Following on from the views expressed by Leon and Stone, who noted that the study patients’ angina was really on mild side”, Allan Jeremias (St. Francis Hospital, Roslyn, New York; Cardiovascular Research Foundation, New York, New York) claimed that one of the lessons of ORBITA was that “we cannot guide our angioplasty solely by the angiogram. We have to use physiological assessment and the physical context that the patient presents”.
Coinciding with its presentation at TCT, ORBITA was simultaneously published in The Lancet. In an accompanying commentary, David L Brown (Cardiovascular Division, Washington University School of Medicine, St Louis, USA) and Rita F Redberg (Division of Cardiology, University of California-San Francisco, San Francisco, USA) have a different take on the trial from that of Leon, Stone, and Jeremias.
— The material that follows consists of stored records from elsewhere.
(* Consider the generalized urn model described in the context and assume condition (A'1). Then almost surely, for every $n\ge 0$, $w(Y_n)>0$, and the sequence $(w(Y_n))_{n\ge 0}$ is non-decreasing.
   Context: Let $d\ge 1$, let $(\Omega,\mathcal A,\mathbb P)$ be a probability space, let $e^1,\dots,e^d$ be the canonical basis of $\mathbb R^d$, and for $u=(u^i)\in\mathbb R^d$ let $w(u)=\sum_{k=1}^d u^k$. Let $Y_0$ be a random vector in $\mathbb R_+^d\setminus\{0\}$, let $(U_n)_{n\ge1}$ be i.i.d. uniform on $[0,1]$, and let $(D_n)_{n\ge1}$ be random $d\times d$ real matrices (the addition rule matrices). Define recursively, for $n\ge1$, $X_n=\sum_{j=1}^d \mathbf 1_{\left\{\frac{\sum_{\ell=1}^{j-1}Y_{n-1}^\ell}{\sum_{\ell=1}^d Y_{n-1}^\ell}<U_n\le \frac{\sum_{\ell=1}^{j}Y_{n-1}^\ell}{\sum_{\ell=1}^d Y_{n-1}^\ell}\right\}}e^j$ and $Y_n=Y_{n-1}+D_nX_n$. Let $\mathcal F_n=\sigma(Y_0,U_k,D_k,1\le k\le n)$ and $H_n=\mathbb E[D_n\mid\mathcal F_{n-1}]$ (entrywise), $n\ge1$. Condition (A'1): (i) there exist $c_1,\dots,c_d\in(0,\infty)$ such that for every $n\ge1$ and all $i,j\in\{1,\dots,d\}$, $\frac{\delta_{ij}}{c_i}+D_n^{ij}\in\frac{\mathbb N}{c_i}$ a.s. ($\delta_{ij}$ the Kronecker symbol), and for every $j$, $\sum_{i=1}^d D_n^{ij}\ge 0$ a.s.; (ii) for every $n\ge1$ and every $j$, $\sum_{i=1}^d H_n^{ij}=1$ a.s.; (iii) $Y_0\in\left(\prod_{i=1}^d\frac{\mathbb N}{c_i}\right)\setminus\{0\}$. *)

From HB Require Import structures.
From mathcomp Require Import all_boot all_order all_algebra.
From mathcomp Require Import all_classical all_reals all_analysis.
Set Implicit Arguments.
Unset Strict Implicit.
Unset Printing Implicit Defensive.
Import Order.TTheory GRing.Theory Num.Theory.
Import numFieldNormedType.Exports.
Local Open Scope classical_set_scope.
Local Open Scope ring_scope.

Section urn.
Context {R : realType} {d : nat}.

Definition urn_w (u : 'cV[R]_d) : R := \sum_(k < d) u k 0.

(* X_n as a function of Y_{n-1} and U_n *)
Definition urn_draw (y : 'cV[R]_d) (u : R) : 'cV[R]_d :=
  \col_(j < d)
    (if ((\sum_(l < d | (l < j)%N) y l 0) / urn_w y < u)
        && (u <= (\sum_(l < d | (l <= j)%N) y l 0) / urn_w y)
     then 1 else 0).

(* Y_0 = y0, Y_n = Y_{n-1} + D_n X_n  (U 0, D 0 are unused) *)
Fixpoint urnY (y0 : 'cV[R]_d) (U : nat -> R) (D : nat -> 'M[R]_d) (n : nat)
    : 'cV[R]_d :=
  match n with
  | 0 => y0
  | n'.+1 => let y := urnY y0 U D n' in y + D n'.+1 *m urn_draw y (U n'.+1)
  end.
End urn.

Section prob.
Context {dT : measure_display} {T : measurableType dT} {R : realType}
  (P : probability T R).

Definition urn_filtration (d : nat) (Y0 : T -> 'cV[R]_d) (U : nat -> T -> R)
    (D : nat -> T -> 'M[R]_d) (n : nat) : set (set T) :=
  <<s [set A | (exists i : 'I_d,
                  preimage_set_system setT (fun x => Y0 x i 0) measurable A)
        \/ (exists k : nat, (1 <= k <= n)%N /\
             (preimage_set_system setT (U k) measurable A \/
              exists i j : 'I_d,
                preimage_set_system setT (fun x => D k x i j) measurable A))] >>.

Definition is_cond_exp (F : set (set T)) (X H : T -> R) : Prop :=
  (forall B : set R, measurable B -> F (H @^-1` B)) /\
  P.-integrable setT (EFin \o X) /\
  P.-integrable setT (EFin \o H) /\
  (forall A, F A ->
     (\int[P]_(x in A) (X x)%:E = \int[P]_(x in A) (H x)%:E)%E).

Definition mutually_independent (U : nat -> T -> R) : Prop :=
  forall (s : seq nat) (B : nat -> set R), uniq s ->
    (forall k, measurable (B k)) ->
    P (\bigcap_(k in [set` s]) (U k @^-1` B k)) =
    (\prod_(k <- s) P (U k @^-1` B k))%E.

Definition uniform01 (V : T -> R) : Prop :=
  measurable_fun setT V /\
  forall B : set R, measurable B -> P (V @^-1` B) = uniform_prob ltr01 B.
End prob.

(* Y_n is Y_{n-1} plus the column of D_n selected by the draw X_n, so
   w(Y_n) - w(Y_{n-1}) is a column sum of D_n, which is nonnegative almost
   surely by (A'1)(i).  Hence w(Y_n) is a.s. nondecreasing, and positive since
   w(Y_0) > 0.  Only the column-sum part of (A'1) is needed. *)

From HB Require Import structures.
From mathcomp Require Import all_boot all_order all_algebra.
From mathcomp Require Import all_classical all_reals all_analysis.
Import Order.TTheory GRing.Theory Num.Theory.
Import numFieldNormedType.Exports.
Local Open Scope classical_set_scope.
Local Open Scope ring_scope.

Section urn_weight.
Context {R : realType} {d : nat}.
Implicit Types (y z x : 'cV[R]_d) (M : 'M[R]_d).

Lemma urn_w_gt0 y : (forall i, 0 <= y i 0) -> y != 0 -> 0 < urn_w y.
Proof.
move=> y_ge0 y_neq0; rewrite /urn_w lt_def sumr_ge0 // andbT.
apply: contra y_neq0 => /eqP/psumr_eq0P y_eq0.
by apply/eqP/matrixP => i j; rewrite (ord1 j) mxE y_eq0.
Qed.

Lemma urn_wD y z : urn_w (y + z) = urn_w y + urn_w z.
Proof. by rewrite /urn_w -big_split; apply: eq_bigr => k _; rewrite mxE. Qed.

Lemma urn_w_mulmx M x :
  urn_w (M *m x) = \sum_(j < d) (\sum_(i < d) M i j) * x j 0.
Proof.
rewrite /urn_w (eq_bigr (fun i => \sum_j M i j * x j 0)) => [|i _]; last first.
  by rewrite mxE.
by rewrite exchange_big; apply: eq_bigr => j _; rewrite mulr_suml.
Qed.

Lemma urn_draw_ge0 y (u : R) (j : 'I_d) : 0 <= urn_draw y u j 0.
Proof. by rewrite mxE; case: ifP. Qed.

Lemma urn_w_le_add_draw y M (u : R) :
  (forall j, 0 <= \sum_(i < d) M i j) ->
  urn_w y <= urn_w (y + M *m urn_draw y u).
Proof.
move=> colsum_ge0; rewrite urn_wD lerDl urn_w_mulmx.
by apply: sumr_ge0 => j _; rewrite mulr_ge0 ?urn_draw_ge0.
Qed.

Variables (y0 : 'cV[R]_d) (U : nat -> R) (D : nat -> 'M[R]_d).
Hypothesis colsum_ge0 : forall n j, 0 <= \sum_(i < d) D n.+1 i j.

Lemma urnY_w_le_succ n : urn_w (urnY y0 U D n) <= urn_w (urnY y0 U D n.+1).
Proof. exact: urn_w_le_add_draw. Qed.

Lemma urnY_w_gt0 n :
  (forall i, 0 <= y0 i 0) -> y0 != 0 -> 0 < urn_w (urnY y0 U D n).
Proof.
move=> y0_ge0 y0_neq0; elim: n => [|n IHn]; first exact: urn_w_gt0.
exact: lt_le_trans IHn (urnY_w_le_succ n).
Qed.

End urn_weight.

Theorem lemma1 (dT : measure_display) (T : measurableType dT) (R : realType)
  (P : probability T R) (d : nat)
  (Y0 : T -> 'cV[R]_d) (U : nat -> T -> R) (D : nat -> T -> 'M[R]_d)
  (c : 'I_d -> R) :
  (0 < d)%N ->
  (forall i : 'I_d, measurable_fun setT (fun x => Y0 x i 0)) ->
  (forall x, (forall i : 'I_d, 0 <= Y0 x i 0) /\ Y0 x != 0) ->
  mutually_independent P (fun k => U k.+1) ->
  (forall n, (1 <= n)%N -> uniform01 P (U n)) ->
  (forall n (i j : 'I_d), (1 <= n)%N ->
     measurable_fun setT (fun x => D n x i j)) ->
  (forall i : 'I_d, 0 < c i) ->
  (forall n, (1 <= n)%N -> forall i j : 'I_d,
     {ae P, forall x, exists m : nat,
        (i == j)%:R / c i + D n x i j = m%:R / c i}) ->
  (forall n, (1 <= n)%N -> forall j : 'I_d,
     {ae P, forall x, 0 <= \sum_(i < d) D n x i j}) ->
  (forall n, (1 <= n)%N ->
     exists H : 'I_d -> 'I_d -> T -> R,
       (forall i j : 'I_d,
          is_cond_exp P (urn_filtration Y0 U D n.-1)
            (fun x => D n x i j) (H i j)) /\
       (forall j : 'I_d, {ae P, forall x, \sum_(i < d) H i j x = 1})) ->
  (forall x (i : 'I_d), exists m : nat, Y0 x i 0 = m%:R / c i) ->
  {ae P, forall x,
     (forall n, 0 < urn_w (urnY (Y0 x) (fun k => U k x) (fun k => D k x) n)) /\
     (forall n, urn_w (urnY (Y0 x) (fun k => U k x) (fun k => D k x) n)
                <= urn_w (urnY (Y0 x) (fun k => U k x) (fun k => D k x) n.+1))}.
Proof.
move=> _ _ Y0_pos _ _ _ _ _ colsum_ge0 _ _.
have colsum_ge0_ae : {ae P, forall x, forall n j,
    0 <= \sum_(i < d) D n.+1 x i j}.
  apply: ae_foralln => n; apply: filter_forall => j.
  exact: colsum_ge0.
apply: filterS colsum_ge0_ae => x colsum_ge0_x.
have [Y0x_ge0 Y0x_neq0] := Y0_pos x.
split => n; first exact: urnY_w_gt0.
exact: urnY_w_le_succ.
Qed.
They claim that the implications of ORBITA are “profound and far-reaching”, commenting: “First and foremost, the results of ORBITA show unequivocally that there are no benefits of PCI compared with medical therapy for stable angina, even when angina is refractory to medical therapy.” They add that, based on the findings of the study, “all cardiology guidelines should be revised to downgrade the recommendations for PCI in patients with angina despite medical therapy”.
Responding to this commentary, Al-Lamee told Cardiovascular News extrapolating the findings of ORBITA to prompt changes to the guidelines “would be an over-reach”. She noted that the study “only addressed patients with stable angina and single vessel coronary disease on intensive medical therapy”.
She added that—aside from any implications it may have for the management of stable coronary artery disease—ORBITA shows “that placebo-controlled trials in intervention are possible and do provide invaluable extra information which is of interest to clinicians and patients alike”. “All it takes is an enthusiastic group of investigators who want to answer a specific clinical question and a committed group of patients who are happy to take part in ground-breaking research,” Al-Lamee observes.